We might even see state and local governments get in on the action. Already, several states have passed bills handed to them by anti-Muslim hate groups, and these bills are rarely, if ever, challenged. We could see governors demanding records or targeting mosques as Trump demanded. Why could a State not put in place “special identification tracking”, as Trump has suggested, in the name of monitoring national security threats?

Or maybe they could be barred from entering Congress. or the government as Rep. Marjorie Taylor Greene (R-Ga.) suggests. Such a law would not say that “Muslims do not need to apply”, but would rather hide behind all legality to give Roberts’ court another excuse for inaction. And politicians who supported these things could be open and blatant in their demonization and discriminatory intent in public because Trump v. Hawaii gave them the right to be.
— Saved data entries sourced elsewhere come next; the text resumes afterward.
(* Let $-\infty<a<b<\infty$ and let $H\in\mathbb H_{a,b}$ be in the limit circle case. Let $c>0$ and let $\kappa_H$ be the function produced by the algorithm with constant $c$. Let $r>0$ and let $a=s_0<s_1<\dots<s_{k-1}<s_k=b$. - (i) If $\det\Omega(s_{l-1},s_l)\le c/r^2$ for all $l\in\{1,\dots,k\}$, then $\kappa_H(r)\le k$. - (ii) If $\det\Omega(s_{l-1},s_l)\ge c/r^2$ for all $l\in\{1,\dots,k-1\}$, then $\kappa_H(r)\ge k$. - (iii) The function $\kappa_H$ is non-decreasing on $(0,\infty)$. - (iv) $\kappa_H(nr)\le n\,\kappa_H(r)$ for every positive integer $n$ and every $r>0$.
   Context: Hamiltonians: $\mathbb H_{a,b}$ consists of measurable $H:(a,b)\to\mathbb R^{2\times2}$, locally integrable on $[a,c)$ for all $c<b$, with $H(t)\ge0$ a.e. and $\{H=0\}$ null. The limit circle case means $\int_a^b\operatorname{tr}H<\infty$. Put $\Omega(s,t)=\int_s^tH(u)\,du$. Algorithm for $\kappa_H$ (constant $c$): for $r>0$ set $\sigma_0=a$. Recursively: - if $\det\Omega(\sigma_{j-1},b)>c/r^2$, let $\sigma_j\in(\sigma_{j-1},b)$ be the unique point with $\det\Omega(\sigma_{j-1},\sigma_j)=c/r^2$; - otherwise set $\sigma_j=b$, $\kappa_H(r)=j$, and stop. This terminates after finitely many steps. *)

From HB Require Import structures.
From mathcomp Require Import all_boot all_order all_algebra.
From mathcomp Require Import all_classical all_reals all_analysis.
Set Implicit Arguments. Unset Strict Implicit. Unset Printing Implicit Defensive.
Import Order.TTheory GRing.Theory Num.Theory.
Local Open Scope classical_set_scope.
Local Open Scope ring_scope.

Section Hamiltonians.
Variable R : realType.
Local Notation mu := (@lebesgue_measure R).

Definition psd2 (M : 'M[R]_2) : Prop :=
  M^T = M /\ forall v : 'cV[R]_2, 0 <= (v^T *m M *m v) 0 0.

(* H in H_{a,b}: measurable, locally integrable on [a,c) for c<b,
   H >= 0 a.e. on (a,b), and {t in (a,b) | H t = 0} is a null set.
   Values of H outside (a,b) are irrelevant. *)
Definition is_Hamiltonian (a b : R) (H : R -> 'M[R]_2) : Prop :=
  [/\ (forall i j, measurable_fun `]a, b[ (fun t => H t i j)),
      (forall cc, a < cc < b -> forall i j,
          mu.-integrable `]a, cc[ (fun t => (H t i j)%:E)),
      {ae mu, forall t, t \in `]a, b[ -> psd2 (H t)} &
      mu.-negligible ([set t | (t \in `]a, b[) /\ H t = 0]) ].

Definition limit_circle (a b : R) (H : R -> 'M[R]_2) : Prop :=
  (\int[mu]_(t in `]a, b[) (\tr (H t))%:E < +oo)%E.

Definition Omega (H : R -> 'M[R]_2) (s t : R) : 'M[R]_2 :=
  \matrix_(i, j) Rintegral mu `]s, t[ (fun u => H u i j).

(* kappa_spec a b H c r n : the algorithm with constant c, run at r,
   stops with kappa_H(r) = n; sigma is the sequence sigma_0, ..., sigma_n. *)
Definition kappa_spec (a b : R) (H : R -> 'M[R]_2) (c r : R) (n : nat) : Prop :=
  exists sigma : nat -> R,
    [/\ sigma 0%N = a,
        (forall j, (0 < j < n)%N ->
           [/\ \det (Omega H (sigma j.-1) b) > c / r ^+ 2,
               sigma j.-1 < sigma j < b &
               \det (Omega H (sigma j.-1) (sigma j)) = c / r ^+ 2]),
        (0 < n)%N,
        \det (Omega H (sigma n.-1) b) <= c / r ^+ 2 &
        sigma n = b].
In Trump v. Hawaii, the court held that Korematsu v. United States, the case that upheld the government’s right to intern Japanese Americans, was not analogous to the current situation. Yet Korematsu became an example for generations of a court turning a blind eye to prejudice; Trump v. Hawaii will have a similar legacy. Beyond its infamous place in the history books, Trump v. Hawaii will give rise to new and more creative ways to demonize Muslims and other Americans as long as the discrimination is not in the text of the law.

Immigration lawyer Christopher Richardson served as a US diplomat between 2011 and 2018 and served in Nigeria, Nicaragua, Pakistan and Spain.